Problem details
Each line that holds the string "split" counts once. Say how many such lines the entries have, giving the number only.

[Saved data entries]
________________________________________
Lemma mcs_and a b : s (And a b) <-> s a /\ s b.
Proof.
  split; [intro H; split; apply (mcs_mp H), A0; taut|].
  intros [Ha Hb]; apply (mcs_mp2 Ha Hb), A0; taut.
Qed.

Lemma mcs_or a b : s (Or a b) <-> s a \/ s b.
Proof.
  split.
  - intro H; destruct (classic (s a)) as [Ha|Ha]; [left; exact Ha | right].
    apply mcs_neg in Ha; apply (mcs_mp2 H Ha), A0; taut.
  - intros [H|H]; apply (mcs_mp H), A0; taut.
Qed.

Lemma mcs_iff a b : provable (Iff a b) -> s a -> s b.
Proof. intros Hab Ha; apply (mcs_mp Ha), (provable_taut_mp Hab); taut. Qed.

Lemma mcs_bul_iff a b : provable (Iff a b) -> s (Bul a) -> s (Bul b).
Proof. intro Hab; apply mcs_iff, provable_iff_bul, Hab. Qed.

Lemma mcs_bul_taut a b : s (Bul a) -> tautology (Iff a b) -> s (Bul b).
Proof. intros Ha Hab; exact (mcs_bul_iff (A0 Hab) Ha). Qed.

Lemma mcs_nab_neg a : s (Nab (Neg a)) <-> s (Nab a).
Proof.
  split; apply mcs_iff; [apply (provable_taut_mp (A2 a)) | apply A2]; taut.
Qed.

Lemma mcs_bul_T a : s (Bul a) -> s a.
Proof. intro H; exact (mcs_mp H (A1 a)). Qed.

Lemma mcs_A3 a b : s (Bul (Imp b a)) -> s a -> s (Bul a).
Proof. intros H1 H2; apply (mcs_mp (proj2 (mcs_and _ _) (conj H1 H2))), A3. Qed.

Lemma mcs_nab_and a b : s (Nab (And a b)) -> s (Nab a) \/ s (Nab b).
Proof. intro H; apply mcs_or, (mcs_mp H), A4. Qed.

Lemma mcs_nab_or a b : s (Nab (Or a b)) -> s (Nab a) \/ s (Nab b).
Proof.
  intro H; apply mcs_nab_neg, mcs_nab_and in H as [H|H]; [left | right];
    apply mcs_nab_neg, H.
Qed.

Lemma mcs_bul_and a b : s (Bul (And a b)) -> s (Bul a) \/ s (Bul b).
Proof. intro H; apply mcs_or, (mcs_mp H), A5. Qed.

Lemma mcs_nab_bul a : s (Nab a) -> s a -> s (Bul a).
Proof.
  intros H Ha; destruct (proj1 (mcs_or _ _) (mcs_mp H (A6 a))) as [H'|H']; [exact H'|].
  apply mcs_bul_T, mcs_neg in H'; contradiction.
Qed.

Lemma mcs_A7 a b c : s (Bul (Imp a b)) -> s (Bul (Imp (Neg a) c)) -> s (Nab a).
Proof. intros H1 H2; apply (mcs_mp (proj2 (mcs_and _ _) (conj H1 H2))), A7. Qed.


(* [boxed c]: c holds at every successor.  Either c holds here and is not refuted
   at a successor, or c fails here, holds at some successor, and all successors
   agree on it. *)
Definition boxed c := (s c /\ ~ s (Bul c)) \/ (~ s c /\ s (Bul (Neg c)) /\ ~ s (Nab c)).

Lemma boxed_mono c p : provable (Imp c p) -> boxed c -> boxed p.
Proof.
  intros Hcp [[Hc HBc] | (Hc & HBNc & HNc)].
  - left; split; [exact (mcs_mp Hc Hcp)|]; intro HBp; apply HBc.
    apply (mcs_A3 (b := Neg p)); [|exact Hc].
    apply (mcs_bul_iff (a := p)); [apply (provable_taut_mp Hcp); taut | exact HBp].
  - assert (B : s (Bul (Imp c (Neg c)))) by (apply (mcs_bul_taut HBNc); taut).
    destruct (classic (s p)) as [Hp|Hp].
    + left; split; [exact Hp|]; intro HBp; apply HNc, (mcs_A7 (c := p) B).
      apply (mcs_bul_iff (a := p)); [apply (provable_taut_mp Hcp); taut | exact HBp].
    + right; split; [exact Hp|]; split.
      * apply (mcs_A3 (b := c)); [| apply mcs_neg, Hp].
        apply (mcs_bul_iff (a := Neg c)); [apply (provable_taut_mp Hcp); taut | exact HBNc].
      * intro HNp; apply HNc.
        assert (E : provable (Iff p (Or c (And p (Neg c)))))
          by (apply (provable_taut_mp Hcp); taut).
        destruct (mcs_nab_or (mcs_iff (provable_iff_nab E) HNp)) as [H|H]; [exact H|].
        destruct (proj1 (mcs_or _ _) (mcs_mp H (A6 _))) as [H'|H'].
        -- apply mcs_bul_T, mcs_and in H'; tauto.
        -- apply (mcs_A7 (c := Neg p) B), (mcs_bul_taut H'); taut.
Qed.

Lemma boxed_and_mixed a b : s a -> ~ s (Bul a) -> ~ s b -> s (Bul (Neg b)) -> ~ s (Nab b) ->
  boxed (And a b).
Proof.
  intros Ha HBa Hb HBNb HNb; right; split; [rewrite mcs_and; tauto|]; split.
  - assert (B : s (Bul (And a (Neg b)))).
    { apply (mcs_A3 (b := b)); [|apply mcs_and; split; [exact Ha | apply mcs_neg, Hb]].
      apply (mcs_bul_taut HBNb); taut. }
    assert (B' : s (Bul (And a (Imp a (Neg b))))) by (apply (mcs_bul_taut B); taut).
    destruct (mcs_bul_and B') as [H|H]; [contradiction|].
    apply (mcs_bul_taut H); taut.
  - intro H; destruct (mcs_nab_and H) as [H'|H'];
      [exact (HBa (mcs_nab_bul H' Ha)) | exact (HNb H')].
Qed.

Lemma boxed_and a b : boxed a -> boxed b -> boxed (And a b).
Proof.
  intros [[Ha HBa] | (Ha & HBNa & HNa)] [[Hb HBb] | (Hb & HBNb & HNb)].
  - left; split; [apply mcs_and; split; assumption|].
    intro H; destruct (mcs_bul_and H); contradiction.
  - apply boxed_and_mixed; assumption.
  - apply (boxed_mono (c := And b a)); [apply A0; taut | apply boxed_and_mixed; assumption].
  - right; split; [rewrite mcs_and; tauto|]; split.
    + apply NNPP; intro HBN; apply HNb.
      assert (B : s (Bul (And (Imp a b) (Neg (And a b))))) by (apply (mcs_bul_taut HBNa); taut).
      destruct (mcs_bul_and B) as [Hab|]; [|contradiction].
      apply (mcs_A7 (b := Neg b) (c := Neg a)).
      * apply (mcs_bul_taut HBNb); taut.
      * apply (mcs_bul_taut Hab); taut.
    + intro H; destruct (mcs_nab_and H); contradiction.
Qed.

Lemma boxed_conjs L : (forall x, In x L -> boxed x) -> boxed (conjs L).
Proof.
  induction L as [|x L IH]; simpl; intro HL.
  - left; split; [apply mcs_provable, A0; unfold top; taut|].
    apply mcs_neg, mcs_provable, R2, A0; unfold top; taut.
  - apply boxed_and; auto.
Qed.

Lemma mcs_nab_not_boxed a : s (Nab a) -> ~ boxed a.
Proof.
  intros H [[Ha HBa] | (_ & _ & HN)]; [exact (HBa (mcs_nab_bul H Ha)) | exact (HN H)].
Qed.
________________________________________
Finished task
11